Father Lorson receives funeral this week in Rankin Inlet
After 51 years of service to the people of Nunavut, Oblate missionary Father Georges Lorson has passed away.
The Roman Catholic community in Rankin Inlet was to have held funeral services this week for Father Georges Lorson.
Fr. Lorson was 78 years old when he passed away of natural causes on Dec. 19 at his mission residence.
“Everyone is deeply affected by his passing,” said Bishop Reynald Rouleau of the Diocese of Churchill-Hudson Bay. “It’s a shock.”
Fr. Lorson, an Oblate missionary originally from France, had been ministering to the North for 51 years. During this time he served in the Kivalliq communities of Baker Lake, Coral Harbour, and Rankin Inlet, in the Kitikmeot communities of Pelly Bay and Gjoa Haven, and in the Baffin communities of Pond Inlet, Iqaluit and Igloolik.
Before coming to Canada, Fr. Lorson collaborated with the French resistance during the Second World War, narrowly escaping death.
As a young priest, Fr. Lorson enjoyed travelling between camps by dog team. According to a diocesan release, Fr. Lorson respected “what he called the ‘sixth sense’ of the Inuit, their ability to know their direction on both, land, sea and ice.”

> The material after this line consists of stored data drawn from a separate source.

(* The GP 2 program is-dag terminates on any GP 2 host graph in which every node is marked grey and is not a root and every edge is unmarked.
   Context: GP 2 semantics. Host graphs are finite directed graphs whose nodes and edges carry labels (lists of integers and strings) and marks (nodes: unmarked, red, green, blue, grey; edges: unmarked, red, green, blue, dashed); some nodes are roots. A rule is applied by finding an injective label- and mark-compatible match of its left-hand side (mark ''any'' matches every mark; roots match roots) satisfying the dangling condition, then changing matched items as prescribed by the right-hand side. Commands: a rule set call applies one applicable rule, failing if none applies; $P;Q$ sequencing; $P!$ iterates $P$ until it fails (break exits the innermost loop); ''try $C$ then $P$ else $Q$'' runs $C$ and continues with $P$ on its result if it succeeded, else $Q$ on the original graph; ''if $C$ then $P$ else $Q$'' runs $C$ on a copy then $P$ or $Q$ on the original; fail causes failure. The program is-dag (labels unchanged; rule edges directed from node 1 to node 2): Main = (init; DFS!; try unroot else break)!; Check DFS = try next_edge then (try {move, ignore} else (set_flag; break)) else (try loop; try back else break) Check = if flag then fail - init: grey non-root node becomes a red root. - unroot: red root becomes blue non-root. - set_flag: red root becomes green root. - flag: green root; no change. - next_edge: red root 1, node 2 of any mark, unmarked edge 1→2; edge becomes red. - ignore: red root 1, blue node 2, red edge 1→2; edge becomes blue. - move: red root 1, grey node 2, red edge 1→2; node 1 becomes red non-root, node 2 red root, edge dashed. - back: red non-root 1, red root 2, dashed edge 1→2; node 1 becomes red root, node 2 blue non-root, edge blue. - loop: red root with an unmarked loop; node becomes green root. *)

From mathcomp Require Import all_boot.
From Stdlib Require Strings.String.
From Stdlib Require List.

Set Implicit Arguments.
Unset Strict Implicit.
Unset Printing Implicit Defensive.

Inductive atom := AInt of BinNums.Z | AStr of Strings.String.string.
Definition label := seq atom.

Inductive nmark := NUnmarked | NRed | NGreen | NBlue | NGrey.
Inductive emark := EUnmarked | ERed | EGreen | EBlue | EDashed.

(** None of the rules
    of is-dag adds or deletes items or changes labels, so this part is fixed
    during execution. *)
Record hgraph (V E : finType) := HGraph {
  src : E -> V; tgt : E -> V; nlab : V -> label; elab : E -> label }.

Record state (V E : Type) := St {
  nm : V -> nmark; rt : V -> bool; em : E -> emark }.

(** Rule node: LHS mark (None = "any"), LHS root flag, RHS mark
    (None = unchanged, only used with "any"), RHS root flag. *)
Record nspec := NSpec { ln : option nmark; lr : bool; rn : option nmark; rr : bool }.
Record espec := ESpec { le : emark; re : emark }.

(** Rules (preserving all items and labels, label patterns are variables):
    one node; one node with a loop; two distinct nodes 1,2 with edge 1 -> 2. *)
Inductive rule :=
| Rule1 of nspec
| RuleLoop of nspec & espec
| Rule2 of nspec & nspec & espec.

Inductive cmd :=
| Call of seq rule
| Seq of cmd & cmd
| Alap of cmd               (* P! *)
| Try of cmd & cmd & cmd    (* try C then P else Q *)
| If of cmd & cmd & cmd     (* if C then P else Q *)
| Skip | Break | Fail.

Section Semantics.
Variables (V E : finType) (G : hgraph V E).

(* A LHS node matches a host node: marks compatible (any matches all),
   LHS roots match only roots (non-root LHS nodes match any node). *)
Definition nmatch (ns : nspec) (s : state V E) (v : V) : Prop :=
  (if ln ns is Some m then nm s v = m else True) /\ (lr ns -> rt s v).

(* Rootedness changes only where LHS and RHS differ. *)
Definition upd_node (ns : nspec) (v : V) (s : state V E) : state V E :=
  St (fun x => if x == v then (if rn ns is Some m then m else nm s v) else nm s x)
     (fun x => if x == v then (if lr ns == rr ns then rt s v else rr ns) else rt s x)
     (em s).

Definition upd_edge (es : espec) (e : E) (s : state V E) : state V E :=
  St (nm s) (rt s) (fun x => if x == e then re es else em s x).

(* One application of a rule (injective match; dangling condition is vacuous
   as no item is deleted). *)
Inductive apply_rule : rule -> state V E -> state V E -> Prop :=
| AR1 ns s v : nmatch ns s v -> apply_rule (Rule1 ns) s (upd_node ns v s)
| ARLoop ns es s v e :
    nmatch ns s v -> src G e = v -> tgt G e = v -> em s e = le es ->
    apply_rule (RuleLoop ns es) s (upd_edge es e (upd_node ns v s))
| AR2 n1 n2 es s v1 v2 e :
    v1 != v2 -> nmatch n1 s v1 -> nmatch n2 s v2 ->
    src G e = v1 -> tgt G e = v2 -> em s e = le es ->
    apply_rule (Rule2 n1 n2 es) s (upd_edge es e (upd_node n2 v2 (upd_node n1 v1 s))).

Inductive outcome := Ok of state V E | Failed | Brk of state V E.

Inductive eval : cmd -> state V E -> outcome -> Prop :=
| E_call rs r s s' : List.In r rs -> apply_rule r s s' -> eval (Call rs) s (Ok s')
| E_callF rs s : (forall r s', List.In r rs -> ~ apply_rule r s s') -> eval (Call rs) s Failed
| E_seqOk c1 c2 s s1 o : eval c1 s (Ok s1) -> eval c2 s1 o -> eval (Seq c1 c2) s o
| E_seqF c1 c2 s : eval c1 s Failed -> eval (Seq c1 c2) s Failed
| E_seqB c1 c2 s s1 : eval c1 s (Brk s1) -> eval (Seq c1 c2) s (Brk s1)
| E_alapOk c s s1 o : eval c s (Ok s1) -> eval (Alap c) s1 o -> eval (Alap c) s o
| E_alapF c s : eval c s Failed -> eval (Alap c) s (Ok s)
| E_alapB c s s1 : eval c s (Brk s1) -> eval (Alap c) s (Ok s1)
| E_tryOk c p q s s1 o : eval c s (Ok s1) -> eval p s1 o -> eval (Try c p q) s o
| E_tryF c p q s o : eval c s Failed -> eval q s o -> eval (Try c p q) s o
| E_tryB c p q s s1 : eval c s (Brk s1) -> eval (Try c p q) s (Brk s1)
| E_ifOk c p q s s1 o : eval c s (Ok s1) -> eval p s o -> eval (If c p q) s o
| E_ifF c p q s o : eval c s Failed -> eval q s o -> eval (If c p q) s o
| E_ifB c p q s s1 : eval c s (Brk s1) -> eval (If c p q) s (Brk s1)
| E_skip s : eval Skip s (Ok s)
| E_break s : eval Break s (Brk s)
| E_fail s : eval Fail s Failed.

(* "P terminates on s": every execution of P from s is finite
   (no infinite computation, including inside loops and conditions). *)
Inductive terminates : cmd -> state V E -> Prop :=
| T_call rs s : terminates (Call rs) s
| T_seq c1 c2 s : terminates c1 s ->
    (forall s1, eval c1 s (Ok s1) -> terminates c2 s1) -> terminates (Seq c1 c2) s
| T_alap c s : terminates c s ->
    (forall s1, eval c s (Ok s1) -> terminates (Alap c) s1) -> terminates (Alap c) s
| T_try c p q s : terminates c s ->
    (forall s1, eval c s (Ok s1) -> terminates p s1) ->
    (eval c s Failed -> terminates q s) -> terminates (Try c p q) s
| T_if c p q s : terminates c s ->
    (forall s1, eval c s (Ok s1) -> terminates p s) ->
    (eval c s Failed -> terminates q s) -> terminates (If c p q) s
| T_skip s : terminates Skip s
| T_break s : terminates Break s
| T_fail s : terminates Fail s.

End Semantics.

Definition r_init := Rule1 (NSpec (Some NGrey) false (Some NRed) true).
Definition r_unroot := Rule1 (NSpec (Some NRed) true (Some NBlue) false).
Definition r_set_flag := Rule1 (NSpec (Some NRed) true (Some NGreen) true).
Definition r_flag := Rule1 (NSpec (Some NGreen) true (Some NGreen) true).
Definition r_next_edge := Rule2 (NSpec (Some NRed) true (Some NRed) true)
                                (NSpec None false None false) (ESpec EUnmarked ERed).
Definition r_ignore := Rule2 (NSpec (Some NRed) true (Some NRed) true)
                             (NSpec (Some NBlue) false (Some NBlue) false) (ESpec ERed EBlue).
Definition r_move := Rule2 (NSpec (Some NRed) true (Some NRed) false)
                           (NSpec (Some NGrey) false (Some NRed) true) (ESpec ERed EDashed).
Definition r_back := Rule2 (NSpec (Some NRed) false (Some NRed) true)
                           (NSpec (Some NRed) true (Some NBlue) false) (ESpec EDashed EBlue).
Definition r_loop := RuleLoop (NSpec (Some NRed) true (Some NGreen) true)
                              (ESpec EUnmarked EUnmarked).

Definition call1 r := Call [:: r].

(* DFS = try next_edge then (try {move, ignore} else (set_flag; break))
         else (try loop; try back else break) *)
Definition DFS : cmd :=
  Try (call1 r_next_edge)
      (Try (Call [:: r_move; r_ignore]) Skip (Seq (call1 r_set_flag) Break))
      (Seq (Try (call1 r_loop) Skip Skip) (Try (call1 r_back) Skip Break)).

Definition Check : cmd := If (call1 r_flag) Fail Skip.

(* Main = (init; DFS!; try unroot else break)!; Check *)
Definition is_dag : cmd :=
  Seq (Alap (Seq (call1 r_init) (Seq (Alap DFS) (Try (call1 r_unroot) Skip Break))))
      Check.

From mathcomp Require Import all_boot zify.

(* Each of the two loops of is-dag has its own decreasing measure.  Every round of the
   outer loop starts with init, which turns a grey node red, and no rule creates a grey
   node, so the number of grey nodes drops.  For DFS!, weight the edges by
   unmarked = 3, red = 2, dashed = 1, blue = green = 0: no rule raises the weight of its
   edge, and a successful DFS step applies next_edge (unmarked -> red) or back
   (dashed -> blue), so the total edge weight drops.  Loop-free commands terminate
   outright. *)

Set Implicit Arguments.
Unset Strict Implicit.
Unset Printing Implicit Defensive.

Section Termination.
Variables (V E : finType) (G : hgraph V E).

Fixpoint rules_of (c : cmd) : seq rule :=
  match c with
  | Call rs => rs
  | Seq c1 c2 => rules_of c1 ++ rules_of c2
  | Alap c1 => rules_of c1
  | Try c1 c2 c3 | If c1 c2 c3 => rules_of c1 ++ rules_of c2 ++ rules_of c3
  | Skip | Break | Fail => [::]
  end.

Definition final (o : outcome V E) : option (state V E) :=
  if o is (Ok s | Brk s) then Some s else None.

Lemma all_In (T : Type) (P : pred T) (x : T) (xs : seq T) :
  all P xs -> List.In x xs -> P x.
Proof. by elim: xs => //= y xs IH /andP[Py Pxs] [<- | /(IH Pxs)]. Qed.

Section Invariant.
Variables (R : state V E -> state V E -> Prop) (P : pred rule).
Hypothesis R_refl : forall s, R s s.
Hypothesis R_trans : forall s1 s2 s3, R s3 s2 -> R s2 s1 -> R s3 s1.
Hypothesis R_rule : forall r s s', P r -> apply_rule G r s s' -> R s' s.

Lemma eval_invariant c s o s' :
  eval G c s o -> all P (rules_of c) -> final o = Some s' -> R s' s.
Proof.
move=> ev; elim: ev s' => {c s o} //=.
- move=> rs r s s1 r_in app s' Prs [<-]; exact: R_rule (all_In Prs r_in) app.
- move=> c1 c2 s s1 o _ IH1 _ IH2 s'; rewrite all_cat => /andP[P1 P2] fin.
  exact: R_trans (IH2 _ P2 fin) (IH1 _ P1 erefl).
- by move=> c1 c2 s s1 _ IH1 s'; rewrite all_cat => /andP[P1 _]; apply: IH1.
- move=> c s s1 o _ IH1 _ IH2 s' Pc fin.
  exact: R_trans (IH2 _ Pc fin) (IH1 _ Pc erefl).
- by move=> c s _ _ s' _ [<-].
- move=> c p q s s1 o _ IH1 _ IH2 s'; rewrite !all_cat => /and3P[Pc Pp _] fin.
  exact: R_trans (IH2 _ Pp fin) (IH1 _ Pc erefl).
- by move=> c p q s o _ _ _ IH s'; rewrite !all_cat => /and3P[_ _ Pq]; apply: IH.
- by move=> c p q s s1 _ IH s'; rewrite !all_cat => /and3P[Pc _ _]; apply: IH.
- by move=> c p q s s1 o _ _ _ IH s'; rewrite !all_cat => /and3P[_ Pp _]; apply: IH.
- by move=> c p q s o _ _ _ IH s'; rewrite !all_cat => /and3P[_ _ Pq]; apply: IH.
- by move=> c p q s s1 _ IH s'; rewrite !all_cat => /and3P[Pc _ _]; apply: IH.
- by move=> s s' _ [<-].
- by move=> s s' _ [<-].
Qed.
End Invariant.

Fixpoint loop_free (c : cmd) : bool :=
  match c with
  | Alap _ => false
  | Seq c1 c2 => loop_free c1 && loop_free c2
  | Try c1 c2 c3 | If c1 c2 c3 => [&& loop_free c1, loop_free c2 & loop_free c3]
  | Call _ | Skip | Break | Fail => true
  end.

Lemma loop_free_terminates c s : loop_free c -> terminates G c s.
Proof.
elim: c s => [rs | c1 IH1 c2 IH2 | // | c1 IH1 c2 IH2 c3 IH3 | c1 IH1 c2 IH2 c3 IH3 | | |] s /=.
all: try by constructor.
- by case/andP=> lf1 lf2; constructor=> *; auto.
- by case/and3P=> lf1 lf2 lf3; constructor=> *; auto.
- by case/and3P=> lf1 lf2 lf3; constructor=> *; auto.
Qed.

“As far as I am concerned — and since I am not a unique specimen, others probably share my feeling-a strange emotion arises when one leaves the post,” Fr. Lorson about a trip from Arctic Bay to Pond Inlet in 1957 with Alain Maktar.

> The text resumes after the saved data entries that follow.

(* Let $G$ and $H$ be two graphs on the same vertex set $V$ such that $d(G,H)\le e$, and assume $\lambda_1(H)>\lambda_2(H)$. Let $\mathbf{x}$ and $\mathbf{y}$ be unit (in $\ell_2$) nonnegative Perron–Frobenius eigenvectors of the adjacency matrices of $G$ and $H$, respectively. Then $$\sum_{v\in V}(x_v-y_v)^2\le\frac{8\sqrt{e}}{\lambda_1(H)-\lambda_2(H)}\qquad\text{and}\qquad \sum_{v\in V}|x_v^2-y_v^2|\le\frac{8e^{1/4}}{\sqrt{\lambda_1(H)-\lambda_2(H)}}.$$
   Context: $d(G,H)$ is the edit distance: the minimum number of edges one must add or delete to transform $G$ into $H$. $\lambda_1(H)\ge\lambda_2(H)\ge\cdots$ are the eigenvalues of the adjacency matrix of $H$. A Perron–Frobenius eigenvector is a nonnegative eigenvector for the largest adjacency eigenvalue. *)

From HB Require Import structures.
From mathcomp Require Import all_boot all_order all_algebra.
Set Implicit Arguments. Unset Strict Implicit. Unset Printing Implicit Defensive.
Import Order.TTheory GRing.Theory Num.Theory.
Local Open Scope ring_scope.

Definition simple_graph n (G : rel 'I_n) : Prop := symmetric G /\ irreflexive G.

Definition adjmx (R : rcfType) n (G : rel 'I_n) : 'M[R]_n :=
  \matrix_(i, j) (G i j)%:R.

Definition edit_dist n (G H : rel 'I_n) : nat :=
  #|[set p : 'I_n * 'I_n | (p.1 < p.2)%N && (G p.1 p.2 != H p.1 p.2)]|.

(* s is the list of eigenvalues of A, with multiplicity, in nonincreasing order:
   s`_0 = lambda_1 >= s`_1 = lambda_2 >= ... *)
Definition spectrum (R : rcfType) n (A : 'M[R]_n) (s : seq R) : Prop :=
  sorted (fun a b => b <= a) s /\ char_poly A = \prod_(a <- s) ('X - a%:P).

Definition PF_eigvec (R : rcfType) n (A : 'M[R]_n) (x : 'rV[R]_n) : Prop :=
  (forall i, 0 <= x 0 i) /\ x != 0 /\
  exists lam : R, x *m A = lam *: x /\ (forall mu, eigenvalue A mu -> mu <= lam).

Definition unit_vec (R : rcfType) n (x : 'rV[R]_n) : Prop :=
  \sum_i x 0 i ^+ 2 = 1.

(* Let A, B be the adjacency matrices of G, H, let g = lambda_1(H) - lambda_2(H)
   and alpha = <x, y>.  An edit changes the quadratic form of a unit vector only
   slightly: by Cauchy-Schwarz, |u^T (A - B) u| <= sqrt (2 d(G,H)) <= 2 sqrt e.
   Comparing Rayleigh quotients, x^T B x >= lambda_1(A) - 2 sqrt e
   >= y^T A y - 2 sqrt e >= lambda_1(B) - 4 sqrt e, whereas writing
   x = alpha y + z with z orthogonal to y gives
   x^T B x <= alpha^2 lambda_1(B) + (1 - alpha^2) lambda_2(B), because
   lambda_1(B) is simple.  Hence (1 - alpha^2) g <= 4 sqrt e.  As alpha >= 0,
   sum (x_v - y_v)^2 = 2 - 2 alpha <= 2 (1 - alpha^2), and by Cauchy-Schwarz
   (sum |x_v^2 - y_v^2|)^2 <= 4 sum (x_v - y_v)^2.
   The Rayleigh bounds for the real symmetric A and B come from the spectral
   theorem for normal matrices, applied to their complexifications. *)

From HB Require Import structures.
From mathcomp Require Import all_boot all_order all_algebra.
From mathcomp Require Import complex ring lra.
Import Order.TTheory GRing.Theory Num.Theory.
Local Open Scope ring_scope.
Set Implicit Arguments. Unset Strict Implicit. Unset Printing Implicit Defensive.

“Ahead lies adventure and the unknown, a route never before explored, a chain of little incidents and accidents that will crop up one after another, calling forth from the experienced guide the proper solutions. Every time a new world seems to open and a new kind of adaptation. Only on the second day does composure return.”
“On the first night out, of course, I slept badly, but that is merely incidental. All day I remain seated like a Buddha on a thick bear skin, with occasional sprints of a hundred yards to get the blood circulating. Tomorrow I will be comfortable and will not regret at all the relatively easy life at the mission. On the road, life simplifies itself, circumstances simply cut a lot of the objects with which a civilized man surrounds himself. To be relieved of them gives a feeling of wonderful liberation…

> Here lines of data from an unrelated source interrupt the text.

(* Assume $q>2$. For every integer $d\ge1$, $$\operatorname{BG}_{q^d-2}=-\sum_{d\ge i>j\ge0}\frac{b_i(\theta^{q^d})}{l_i\,l_j}.$$
   Context: $A=\mathbb{F}_q[\theta]$, $A^+(k)$ the monic polynomials of degree $k$. For an integer $n\ge0$, $\operatorname{BG}_n=\sum_{k\ge0}\sum_{a\in A^+(k)}a^{n}\in A$ (the inner sums vanish for all sufficiently large $k$, so this is a finite sum). $l_0=1$, $l_i=(\theta-\theta^{q^i})l_{i-1}$ for $i\ge1$; $b_0(Y)=1$, $b_i(Y)=\prod_{k=0}^{i-1}(Y-\theta^{q^k})$ for $i\ge1$, evaluated at $Y=\theta^{q^d}$. *)

From HB Require Import structures.
From mathcomp Require Import all_boot all_order all_algebra.
Set Implicit Arguments. Unset Strict Implicit. Unset Printing Implicit Defensive.
Import GRing.Theory.
Local Open Scope ring_scope.

(* A = F[theta] is {poly F}, theta = 'X, F a finite field with q = #|F| elements. *)

(* The monic polynomial of degree k with lower coefficients c. Every monic
   polynomial of degree k arises exactly once as c ranges over {ffun 'I_k -> F}. *)
Definition monic_of (F : finFieldType) (k : nat) (c : {ffun 'I_k -> F}) : {poly F} :=
  'X^k + \sum_(i < k) (c i)%:P * 'X^i.

Definition Sk (F : finFieldType) (k n : nat) : {poly F} :=
  \sum_(c : {ffun 'I_k -> F}) (monic_of c) ^+ n.

(* Partial sum sum_{k=0}^{K} S_k(n); BG_n is its eventual (stable) value. *)
Definition BG_partial (F : finFieldType) (n K : nat) : {poly F} :=
  \sum_(k < K.+1) Sk F k n.

Definition carlitz_l (F : finFieldType) (i : nat) : {poly F} :=
  \prod_(1 <= m < i.+1) ('X - 'X^(#|F| ^ m)).

Definition carlitz_b (F : finFieldType) (i d : nat) : {poly F} :=
  \prod_(k < i) ('X^(#|F| ^ d) - 'X^(#|F| ^ k)).

Notation "x %:F" := (@FracField.tofrac _ x) : ring_scope.

From HB Require Import structures.
From mathcomp Require Import all_boot all_order all_algebra.
From mathcomp Require Import zify ring.
From mathcomp Require abelian finfield.
Set Implicit Arguments. Unset Strict Implicit. Unset Printing Implicit Defensive.
Import GRing.Theory.
Local Open Scope ring_scope.

(* Write [a(Y)] for [a] with [θ] replaced by a new variable [Y].  The polynomial
   [G(Y) = ∑_a a(Y) / a^2], over the monic [a] of degree [k], has degree [k] and
   takes the value [S_k(q^m - 2)] at [Y = θ^(q^m)] since [a(θ^(q^m)) = a^(q^m)].
   These power sums vanish for [1 <= m <= k], because [∑_(deg c < k) (X + c)^n] is
   a constant polynomial in [X] for [n < q^k].  Hence
   [G = c ∏_(m=1..k) (Y - θ^(q^m))] for a constant [c], and evaluating at [Y = θ],
   where [G(θ) = ∑_a 1/a = 1/l_k] (Carlitz, proved the same way with
   [H(Y) = ∑_(deg a <= k) a(Y)/a]), gives [c = 1/l_k^2] and
   [S_k(q^d - 2) = ∏_(m=1..k) (θ^(q^d) - θ^(q^m)) / l_k^2], which is [0] for [k >= d].
   The double sum of the statement is this finite sum rewritten with the telescoping
   identity [∑_(i <= j) b_i / l_i = ∏_(m=1..j) (θ^(q^d) - θ^(q^m)) / l_j]. *)

Lemma poly_prod_XsubC_coef (R : fieldType) (p : {poly R}) (rs : seq R) :
  uniq rs -> all (root p) rs -> (size p <= (size rs).+1)%N ->
  p = p`_(size rs) *: \prod_(z <- rs) ('X - z%:P).
Proof.
rewrite -uniq_rootsE => urs prs szp.
have [r def_p] := uniq_roots_prod_XsubC prs urs.
have monP : \prod_(z <- rs) ('X - z%:P) \is monic := monic_prod_XsubC _ _ _.
have [r0|r_neq0] := eqVneq r 0; first by rewrite def_p r0 !mul0r coef0 scale0r.
have /size1_polyC def_r : (size r <= 1)%N.
  move: szp; rewrite def_p size_Mmonic // size_prod_XsubC addnS /=.
  by rewrite -addn1 [(size r + _)%N]addnC leq_add2l.
have P_lead : (\prod_(z <- rs) ('X - z%:P))`_(size rs) = 1.
  by move/monicP: monP; rewrite /lead_coef size_prod_XsubC.
by rewrite def_p def_r coefCM P_lead mulr1 mul_polyC.
Qed.

Lemma expf_mulV (R : fieldType) (a : R) n : (1 < n)%N -> a ^+ n * a^-1 = a ^+ n.-1.
Proof.
case: n => [|[|n]] // _; have [->|a_neq0] := eqVneq a 0.
  by rewrite invr0 mulr0 expr0n.
by rewrite exprSr mulfK.
Qed.

Lemma sum_triangle (R : nmodType) (n : nat) (G : nat -> nat -> R) :
  \sum_(i < n.+1) \sum_(j < i) G i j = \sum_(j < n) \sum_(j.+1 <= i < n.+1) G i j.
Proof.
under eq_bigr => i _ do rewrite (big_ord_widen n _ (ltn_ord i)).
rewrite (exchange_big_dep xpredT) //=; apply: eq_bigr => j _.
by rewrite [RHS](big_nat_widenl _ 0) // big_mkord.
Qed.

Definition node_prod (R : comPzRingType) (x : nat -> R) (y : R) (n : nat) : R :=
  \prod_(1 <= m < n.+1) (y - x m).

Lemma node_prodS (R : comPzRingType) (x : nat -> R) y n :
  node_prod x y n.+1 = node_prod x y n * (y - x n.+1).
Proof. by rewrite /node_prod big_nat_recr. Qed.

Lemma node_prod_node (R : comPzRingType) (x : nat -> R) m n :
  (0 < m <= n)%N -> node_prod x (x m) n = 0.
Proof.
move=> le_m; rewrite /node_prod (bigD1_seq m) ?iota_uniq ?mem_index_iota //=.
by rewrite subrr mul0r.
Qed.

Section NewtonSums.

Variables (R : fieldType) (x : nat -> R) (y : R).
Hypothesis x0_neq : forall m, (0 < m)%N -> x 0 != x m.

Local Notation L := (node_prod x (x 0)).
Local Notation B i := (\prod_(k < i) (y - x k)).

Lemma node_prod_x0_neq0 n : L n != 0.
Proof.
rewrite prodf_seq_neq0; apply/allP => m; rewrite mem_index_iota => /andP[m_gt0 _].
by rewrite subr_eq0 x0_neq.
Qed.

“You must think that time hangs heavy, sitting all day, and running a bit alongside the sled. But I have rarely felt that way and I never thought of asking the guide to halt because I was fed up. When I travel I make my best meditations. Distractions come, naturally, but the Good Lord understands that I get back into His company in short order.”
Fr. Lorson spent 29 years in Rankin Inlet, where he helped with the construction of the first mission when a nickel mine started up in the community.
The Catholic congregation in Rankin Inlet is the Eastern Arctic’s largest, with 1,200 members.
A fluent speaker of Inuktitut, Fr. Lorson translated many religious texts and composed more than 100 songs.
He was also an avid gardener and carpenter, crafting the furnishings for the sanctuary of the “Notre Dame du Cap” church in Rankin Inlet.
In ill health for years, Fr. Lorson was obliged to become a more solitary person, said the bishop, although the elderly priest would still venture out to visit the sick.
“He didn’t want to leave the North,” said Bishop Rouleau. “He didn’t want to go to Winnipeg, Quebec or back to France.”
During his last 24 years in Rankin Inlet, he worked closely with Sister Vicky Servant who passed away in Sept. 2000.
“These are very big losses,” Bishop Rouleau said.